Search code examples
pythonscikit-learntext-classification

How to use pickled classifier with countVectorizer.fit_transform() for labeling data


I trained a classifier on a set of short documents and pickled it after getting the reasonable f1 and accuracy scores for a binary classification task.

While training, I reduced the number of features using a sciki-learn countVectorizer cv:

    cv = CountVectorizer(min_df=1, ngram_range=(1, 3), max_features = 15000) 

and then used the fit_transform() and transform() methods to obtain the transformed train and test sets:

    transformed_feat_train = numpy.zeros((0,0,))
    transformed_feat_test = numpy.zeros((0,0,))

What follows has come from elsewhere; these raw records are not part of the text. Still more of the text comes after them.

(* Fix $L,V,W,K>0$, $\pi\in(0,1)$ and $k_0\in[0,K]$, and regard $\phi_1=\frac{k_0}{k_1}\pi C$ and $\phi_2=\frac{K-k_0}{K-k_2}\pi C$ as functions of the cycle length $T>0$ (with $k_1,k_2$ as in the context). Then: (1) $\phi_1$ is continuous in $T$; $\phi_1$ equals its global minimum $\pi Vk_0$ for all $T\ge\frac1\pi\frac LV$, reaches its global maximum $Vk_0$ at $T=\frac1{j_1}\frac LV$, and reaches local minima $\frac{j_1+\pi}{j_1+1}Vk_0$ at $T=\frac1{j_1+\pi}\frac LV$, for positive integers $j_1$. In particular, for $\frac LV\le T\le\frac1\pi\frac LV$, $\phi_1=\frac{k_0L}{T}$. (2) $\phi_2$ is continuous in $T$; $\phi_2$ equals its global minimum $\pi(K-k_0)W$ for all $T\ge\frac1\pi\frac LW$, reaches its global maximum $(K-k_0)W$ at $T=\frac1{j_2}\frac LW$, and reaches local minima $\frac{j_2+\pi}{j_2+1}(K-k_0)W$ at $T=\frac1{j_2+\pi}\frac LW$, for positive integers $j_2$. In particular, for $\frac LW\le T\le\frac1\pi\frac LW$, $\phi_2=\frac{(K-k_0)L}{T}$.
   Context: $\bar K=\frac{W}{V+W}K$, $C=V\bar K$. For a cycle length $T>0$ write $\frac LV=(j_1+\alpha_1)T$ with $j_1=\lfloor L/(VT)\rfloor$, $0\le\alpha_1<1$, and $\frac LW=(j_2+\alpha_2)T$ with $j_2=\lfloor L/(WT)\rfloor$, $0\le\alpha_2<1$; define $k_1=\frac{j_1+\min\{\alpha_1/\pi,1\}}{j_1+\alpha_1}\pi\bar K$ and $k_2=K-\frac{j_2+\min\{\alpha_2/\pi,1\}}{j_2+\alpha_2}\pi\frac CW$. (These arise from a ring road of length $L$ with LWR traffic, triangular fundamental diagram $\min\{Vk,(K-k)W\}$, average density $k_0$, and a pretimed signal of cycle length $T$ and effective green ratio $\pi$.) *)

From Stdlib Require Import Reals.
Open Scope R_scope.

Definition rfloor (r : R) : R := IZR (Int_part r).

Definition Kbar (V W K : R) : R := W / (V + W) * K.
Definition Cap (V W K : R) : R := V * Kbar V W K.

Definition j1 (L V T : R) : R := rfloor (L / V / T).
Definition alpha1 (L V T : R) : R := L / V / T - j1 L V T.
Definition j2 (L W T : R) : R := rfloor (L / W / T).
Definition alpha2 (L W T : R) : R := L / W / T - j2 L W T.

Definition k1 (L V W K pi T : R) : R :=
  (j1 L V T + Rmin (alpha1 L V T / pi) 1) / (j1 L V T + alpha1 L V T) * pi * Kbar V W K.
Definition k2 (L V W K pi T : R) : R :=
  K - (j2 L W T + Rmin (alpha2 L W T / pi) 1) / (j2 L W T + alpha2 L W T)
        * pi * (Cap V W K / W).

Definition phi1 (L V W K pi k0 T : R) : R := k0 / k1 L V W K pi T * pi * Cap V W K.
Definition phi2 (L V W K pi k0 T : R) : R :=
  (K - k0) / (K - k2 L V W K pi T) * pi * Cap V W K.

Definition local_min_pos (f : R -> R) (x : R) : Prop :=
  exists d : R, 0 < d /\ forall T : R, 0 < T -> Rabs (T - x) < d -> f x <= f T.

From Stdlib Require Import Reals Lra Lia Psatz FunctionalExtensionality.
Open Scope R_scope.

(* Put u = L / (V T). Since j1 + alpha1 = u, one has k1 = cycles u / u * pi * Kbar with
   cycles u = floor u + min (frac u / pi, 1), so phi1 = V k0 * u / cycles u; likewise
   phi2 = (K - k0) W * u / cycles u with u = L / (W T). The map cycles is nondecreasing
   and (1/pi)-Lipschitz, hence continuous, and u <= cycles u <= u / pi. Thus the ratio
   u / cycles u lies in [pi, 1]; it equals pi for u <= pi, u for pi <= u <= 1, 1 at the
   integers, and on each (j, j + 1) it is smallest, namely (j + pi) / (j + 1), at
   u = j + pi. *)

Lemma rfloor_spec x : rfloor x <= x < rfloor x + 1.
Proof. unfold rfloor; destruct (base_Int_part x); lra. Qed.

Lemma rfloor_IZR z x : IZR z <= x < IZR z + 1 -> rfloor x = IZR z.
Proof. intros Hx; unfold rfloor; rewrite <- (Int_part_spec x z); [reflexivity | lra]. Qed.

Lemma rfloor_INR (j : nat) x : INR j <= x < INR j + 1 -> rfloor x = INR j.
Proof. rewrite INR_IZR_INZ; apply rfloor_IZR. Qed.

Lemma rfloor_le_gap x y : x <= y -> rfloor x = rfloor y \/ rfloor x + 1 <= rfloor y.
Proof.
  intros Hxy; pose proof (rfloor_spec x); pose proof (rfloor_spec y); unfold rfloor in *.
  assert (Hlt : (Int_part x < Int_part y + 1)%Z)
    by (apply lt_IZR; rewrite plus_IZR; simpl; lra).
  destruct (Z.eq_dec (Int_part x) (Int_part y)) as [-> | Hne]; [now left | right].
  assert (Hle : (Int_part x + 1 <= Int_part y)%Z) by lia.
  apply IZR_le in Hle; rewrite plus_IZR in Hle; simpl in Hle; lra.
Qed.

Lemma rfloor_nonneg u : 0 <= u -> 0 <= rfloor u.
Proof.
  intros Hu; assert (H0 : rfloor 0 = 0) by (apply (rfloor_IZR 0); simpl; lra).
  destruct (rfloor_le_gap 0 u Hu); lra.
Qed.

Lemma continuity_pt_lipschitz (f : R -> R) k x : 0 < k ->
  (forall y z, Rabs (f z - f y) <= k * Rabs (z - y)) -> continuity_pt f x.
Proof.
  intros Hk Hf eps Heps; exists (eps / k); split; [apply Rdiv_lt_0_compat; lra|].
  intros y [_ Hy]; simpl in *; unfold Rdist in *.
  apply Rle_lt_trans with (k * Rabs (y - x)); [apply Hf|].
  replace eps with (k * (eps / k)) by (field; lra).
  apply Rmult_lt_compat_l; lra.
Qed.

Section Cycles.

Variable pi : R.
Hypothesis Hpi : 0 < pi < 1.

Definition ramp (t : R) : R := Rmin (t / pi) 1.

    transformed_feat_train = cv.fit_transform(trainingTextFeat).toarray()
    transformed_feat_test = cv.transform(testingTextFeat).toarray()

This all worked fine for training and testing the classifier. However, I am not sure how to use fit_transform() and transform() with a pickled version of the trained classifier for predicting the label of unseen, unlabeled data.

I am extracting the features on the unlabeled data exactly the same way I was doing while training/testing the classifier:

## load the pickled classifier for labeling
pickledClassifier = joblib.load(pickledClassifierFile)

## transform data
cv = CountVectorizer(min_df=1, ngram_range=(1, 3), max_features = 15000)
cv.fit_transform(NOT_SURE)

transformed_Feat_unlabeled = numpy.zeros((0,0,))
transformed_Feat_unlabeled = cv.transform(unlabeled_text_feat).toarray()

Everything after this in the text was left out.